The third possible contributing factor to the highly efficient translocation of arsenite in P. vittata is the lack of a strong efflux of arsenite from roots cells to the external solution (Fig. 3). Recently, it has been reported that the efflux of arsenite to the external medium, following arsenate reduction in roots, is a prominent process in tomato and rice (Xu et al., 2007). We have found that this is also the case in a range of other plant species including Arabidopsis thaliana, Holcus lanatus, wheat, barley and maize. Interestingly, P. vittata appeared to release very little arsenite to the nutrient solution during the 24-h exposure period. It thus appears that, although P. vittata possesses a highly efficient efflux system for arsenite for xylem loading, there is little efflux of arsenite to the external medium.

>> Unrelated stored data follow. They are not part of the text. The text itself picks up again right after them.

(* Let $M$ be a matroid flock on a finite set $E$. There is a unique function $g:\mathbb{Z}^E\to\mathbb{Z}$ such that (1) $g(0)=0$, and (2) $g(\alpha+e_I)=g(\alpha)+r_\alpha(I)$ for all $\alpha\in\mathbb{Z}^E$ and $I\subseteq E$.
   Context: $e_I:=\sum_{i\in I}e_i$ ($e_i$ unit vectors), $\mathbf{1}:=e_E$. A matroid flock of rank $d$ on $E$ is a map $M$ assigning to each $\alpha\in\mathbb{Z}^E$ a matroid $M_\alpha$ on $E$ of rank $d$ with (MF1) $M_\alpha/i=M_{\alpha+e_i}\setminus i$ for all $\alpha$, $i\in E$ (contraction, deletion); and (MF2) $M_\alpha=M_{\alpha+\mathbf{1}}$ for all $\alpha$. $r_\alpha$ denotes the rank function of $M_\alpha$. *)

From mathcomp Require Import all_boot all_order all_algebra.
Set Implicit Arguments. Unset Strict Implicit. Unset Printing Implicit Defensive.
Import Order.TTheory GRing.Theory Num.Theory.

Definition is_matroid_rank (E : finType) (r : {set E} -> nat) : Prop :=
  [/\ forall A : {set E}, r A <= #|A|,
      forall A B : {set E}, A \subset B -> r A <= r B
    & forall A B : {set E}, r (A :|: B) + r (A :&: B) <= r A + r B]%N.

Definition zvec (E : finType) := {ffun E -> int}.

Definition shift (E : finType) (alpha : zvec E) (I : {set E}) : zvec E :=
  [ffun x => (alpha x + (x \in I)%:Z)%R].

Definition zvec0 (E : finType) : zvec E := [ffun _ => 0%R].

(* A matroid flock of rank d: M alpha is the rank function of M_alpha.
   (MF1) M_alpha / i = M_{alpha+e_i} \ i as matroids on E - i, i.e. for all
   A ⊆ E - i: r_alpha(A ∪ i) - r_alpha(i) = r_{alpha+e_i}(A).
   (MF2) M_alpha = M_{alpha+1}. *)
Definition matroid_flock (E : finType) (d : nat) (M : zvec E -> {set E} -> nat)
  : Prop :=
  [/\ forall alpha, is_matroid_rank (M alpha) /\ M alpha setT = d,
      forall alpha (i : E) (A : {set E}), A \subset ~: [set i] ->
        (M alpha (i |: A) - M alpha [set i])%N = M (shift alpha [set i]) A
    & forall alpha (A : {set E}), M alpha A = M (shift alpha setT) A].

(** The singleton ranks [f a i := r_a({i})] form a closed discrete 1-form on
    [Z^E]: applying (MF1) twice, [r_a({i,j}) = f a i + f (a + e_i) j
    = f a j + f (a + e_j) i].  Integrating [f] coordinate by coordinate gives a
    potential [G] with [G (a + e_i) = G a + f a i], normalised by [G 0 = 0].
    Peeling off one element of [I] at a time with (MF1) upgrades the unit
    steps to [G (a + e_I) = G a + r_a(I)].  Two such functions differ by a
    function invariant under every [+ e_i], hence constant on [Z^E], hence
    equal since both vanish at [0]. *)
From mathcomp Require Import all_boot all_order all_algebra zify.
From Stdlib Require Import FunctionalExtensionality.
Set Implicit Arguments. Unset Strict Implicit. Unset Printing Implicit Defensive.
Import Order.TTheory GRing.Theory Num.Theory.
Local Open Scope ring_scope.

Lemma int_succ_const (T : Type) (h : int -> T) :
  (forall m, h (m + 1) = h m) -> forall m, h m = h 0.
Proof.
move=> hS; elim/int_rect => [//|n IH|n IH].
  by rewrite -addn1 PoszD hS.
by rewrite -IH -(hS (- n.+1%:Z)) -addn1 PoszD opprD addrNK.
Qed.

(** [zsum c m] is the signed sum [c 0 + ... + c (m - 1)], read as
    [- (c m + ... + c (-1))] when [m < 0]. *)
Definition zsum (c : int -> int) (m : int) : int :=
  match m with
  | Posz n => \sum_(t < n) c t
  | Negz n => - \sum_(t < n.+1) c (Negz t)
  end.

Lemma zsum0 c : zsum c 0 = 0.
Proof. exact: big_ord0. Qed.

Lemma zsumS c m : zsum c (m + 1) = zsum c m + c m.
Proof.
case: m => [n|[|n]].
- by rewrite -PoszD addn1 /= big_ord_recr.
- by rewrite /= big_ord1 big_ord0 addrC subrr.
- have -> : Negz n.+1 + 1 = Negz n by rewrite !NegzE; lia.
  by rewrite /= (big_ord_recr n.+1) /= opprD addrNK.
Qed.

Lemma eq_zsum c1 c2 : c1 =1 c2 -> zsum c1 =1 zsum c2.
Proof. by move=> eq_c [n|n] /=; under eq_bigr do rewrite eq_c. Qed.

Lemma zsum_primitive (c h : int -> int) :
  (forall m, h (m + 1) = h m + c m) -> forall m, h m = h 0 + zsum c m.
Proof.
move=> hS.
have diff_const : forall m, h m - zsum c m = h 0 - zsum c 0.
  apply: (@int_succ_const _ (fun m => h m - zsum c m)) => m.
  by rewrite hS zsumS opprD addrACA subrr addr0.
by move=> m; rewrite -(subrK (zsum c m) (h m)) diff_const zsum0 subr0.
Qed.

Section ZvecCoordinates.
Variable E : finType.
Implicit Types (a : zvec E) (i x : E) (t : int).

Definition zset a x t : zvec E := [ffun y => if y == x then t else a y].

Lemma zset_id a x : zset a x (a x) = a.
Proof. by apply/ffunP => y; rewrite ffunE; case: eqP => // ->. Qed.

Lemma zsetS a x t : zset a x (t + 1) = shift (zset a x t) [set x].
Proof. by apply/ffunP => y; rewrite !ffunE inE; case: eqP; rewrite ?addr0. Qed.

Lemma zset_shift a x t : zset (shift a [set x]) x t = zset a x t.
Proof. by apply/ffunP => y; rewrite !ffunE inE; case: eqP; rewrite ?addr0. Qed.

Lemma zset_shiftC a i x t : i != x ->
  zset (shift a [set i]) x t = shift (zset a x t) [set i].
Proof.
move=> ne_ix; apply/ffunP => y; rewrite !ffunE inE.
by case: eqP => // ->; rewrite eq_sym (negbTE ne_ix) addr0.
Qed.

Lemma shift1_at a x : shift a [set x] x = a x + 1.
Proof. by rewrite ffunE set11. Qed.

Lemma shift1_off a i x : i != x -> shift a [set i] x = a x.
Proof. by move=> ne_ix; rewrite ffunE inE eq_sym (negbTE ne_ix) addr0. Qed.

Lemma shift_set0 a : shift a set0 = a.
Proof. by apply/ffunP => y; rewrite ffunE inE addr0. Qed.

Lemma shiftU1 a i (J : {set E}) : i \notin J ->
  shift a (i |: J) = shift (shift a [set i]) J.
Proof.
move=> iNJ; apply/ffunP => y; rewrite !ffunE !inE.
by case: eqVneq => [->|] /=; rewrite ?(negbTE iNJ) ?addr0.
Qed.

Lemma shift_invariant_const (T : Type) (h : zvec E -> T) :
  (forall a i, h (shift a [set i]) = h a) -> forall a, h a = h (zvec0 E).
Proof.
move=> h_inv.
have h_zset a x t : h (zset a x t) = h (zset a x 0).
  by apply: (@int_succ_const _ (fun t => h (zset a x t))) => k; rewrite zsetS.
suff h_supp (s : seq E) a : (forall y, y \notin s -> a y = 0) -> h a = h (zvec0 E).
  by move=> a; apply: (h_supp (enum E)) => y; rewrite mem_enum.
elim: s a => [|x s IH] a a_supp.
  by congr h; apply/ffunP => y; rewrite ffunE a_supp.
rewrite -(zset_id a x) h_zset; apply: IH => y yNs; rewrite ffunE.
by case: eqVneq => // ne_yx; apply: a_supp; rewrite inE negb_or ne_yx.
Qed.

End ZvecCoordinates.

Section ClosedForms.
Variable E : finType.

Definition closed_form (f : zvec E -> E -> int) :=
  forall a i j, f a i + f (shift a [set i]) j = f a j + f (shift a [set j]) i.

Variable f : zvec E -> E -> int.
Hypothesis f_closed : closed_form f.

(** Integrating the [x]-component along the [x]-axis commutes, up to boundary
    terms, with a unit step in another direction [i]. *)
Lemma zsum_closed_shift a i x m :
  zsum (fun t => f (shift (zset a x t) [set i]) x) m =
  zsum (fun t => f (zset a x t) x) m + f (zset a x m) i - f (zset a x 0) i.
Proof.
have prim := @zsum_primitive (fun t => f (shift (zset a x t) [set i]) x)
  (fun m => zsum (fun t => f (zset a x t) x) m + f (zset a x m) i).
rewrite /= big_ord0 add0r in prim.
rewrite prim => [|k]; first by rewrite addrC addKr.
by rewrite zsumS zsetS -addrA f_closed addrA.
Qed.

Lemma closed_form_exact_on (s : seq E) : exists G : zvec E -> int,
  forall a i, i \in s -> G (shift a [set i]) = G a + f a i.
Proof.
elim: s => [|x s [G G_shift]]; first by exists (fun=> 0).
exists (fun a => G (zset a x 0) + zsum (fun t => f (zset a x t) x) (a x)).
move=> a i; rewrite inE; case: eqVneq => [-> _|ne_ix /= i_s].
  rewrite !zset_shift shift1_at (eq_zsum _ (c2 := fun t => f (zset a x t) x)).
    by rewrite zsumS zset_id addrA.
  by move=> t; rewrite zset_shift.
rewrite zset_shiftC // G_shift // shift1_off //.
rewrite (eq_zsum _ (c2 := fun t => f (shift (zset a x t) [set i]) x)).
  by rewrite zsum_closed_shift zset_id; lia.
by move=> t; rewrite zset_shiftC.
Qed.

Lemma closed_form_exact : exists G : zvec E -> int,
  forall a i, G (shift a [set i]) = G a + f a i.
Proof.
have [G G_shift] := closed_form_exact_on (enum E).
by exists G => a i; rewrite G_shift ?mem_enum.
Qed.

End ClosedForms.

Section MatroidFlock.
Variables (E : finType) (d : nat) (M : zvec E -> {set E} -> nat).
Hypothesis flockM : matroid_flock d M.

Lemma flock_rank0 a : M a set0 = 0%N.
Proof.
case: flockM => rk _ _; have [[le_card _ _] _] := rk a.
by have := le_card set0; rewrite cards0 leqn0 => /eqP.
Qed.

Lemma flock_rankU1 a i (J : {set E}) : i \notin J ->
  M a (i |: J) = (M a [set i] + M (shift a [set i]) J)%N.
Proof.
case: flockM => rk MF1 _ iNJ; have [[_ le_rank _] _] := rk a.
have J_sub : J \subset ~: [set i] by rewrite subsetC sub1set inE.
by rewrite -(MF1 a i J J_sub) subnKC // le_rank // subsetUl.
Qed.

Lemma flock_singleton_closed : closed_form (fun a i => (M a [set i])%:Z).
Proof.
move=> a i j; case: (eqVneq i j) => [-> //|ne_ij].
have iNj : i \notin [set j] by rewrite inE.
have jNi : j \notin [set i] by rewrite inE eq_sym.
have := flock_rankU1 a iNj; have := flock_rankU1 a jNi; rewrite setUC; lia.
Qed.

Lemma flock_potential_shift (g : zvec E -> int) :
  (forall a i, g (shift a [set i]) = g a + (M a [set i])%:Z) ->
  forall a I, g (shift a I) = g a + (M a I)%:Z.
Proof.
move=> g_shift1 a I; have [n] := ubnP #|I|; elim: n a I => // n IH a I.
rewrite ltnS; case: (set_0Vmem I) => [-> _|[i i_I] card_I].
  by rewrite shift_set0 flock_rank0 addr0.
have iNI' : i \notin I :\ i by rewrite setD11.
rewrite -(setD1K i_I) shiftU1 // flock_rankU1 // IH ?g_shift1; first lia.
by move: card_I; rewrite (cardsD1 i I) i_I.
Qed.

End MatroidFlock.

Theorem mainTheorem11 (E : finType) (d : nat) (M : zvec E -> {set E} -> nat) :
  matroid_flock d M ->
  exists! g : zvec E -> int,
    g (zvec0 E) = 0%R /\
    forall (alpha : zvec E) (I : {set E}),
      g (shift alpha I) = (g alpha + (M alpha I)%:Z)%R.
Proof.
move=> flockM.
have [G G_shift1] := closed_form_exact (flock_singleton_closed flockM).
pose g a := G a - G (zvec0 E).
have g_shift : forall a I, g (shift a I) = g a + (M a I)%:Z.
  by apply: (flock_potential_shift flockM) => a i; rewrite /g G_shift1 addrAC.
exists g; split=> [|g' [g'0 g'_shift]]; first by split; first exact: subrr.
apply: functional_extensionality => a.
have g_g'_inv b i : g (shift b [set i]) - g' (shift b [set i]) = g b - g' b.
  by rewrite g_shift g'_shift opprD addrACA subrr addr0.
have := shift_invariant_const g_g'_inv a.
by rewrite g'0 /g !subrr => /subr0_eq.
Qed.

In conclusion, our study has identified arsenite as the predominant form of As transported in the xylem from roots to fronds of P. vittata. This transport is extremely efficient, possibly owing to one or more of the following reasons: efficient reduction of arsenate to arsenite in roots; hyper-expression of an arsenite efflux system toward xylem loading; lack of arsenite complexation by thiol compounds and sequestration in the root vacuoles; and weak efflux of arsenite to the external medium. Unravelling the mechanism responsible for the efficient xylem transport of arsenite in P. vittata is imperative to understanding of the As-hyperaccumulation phenotype.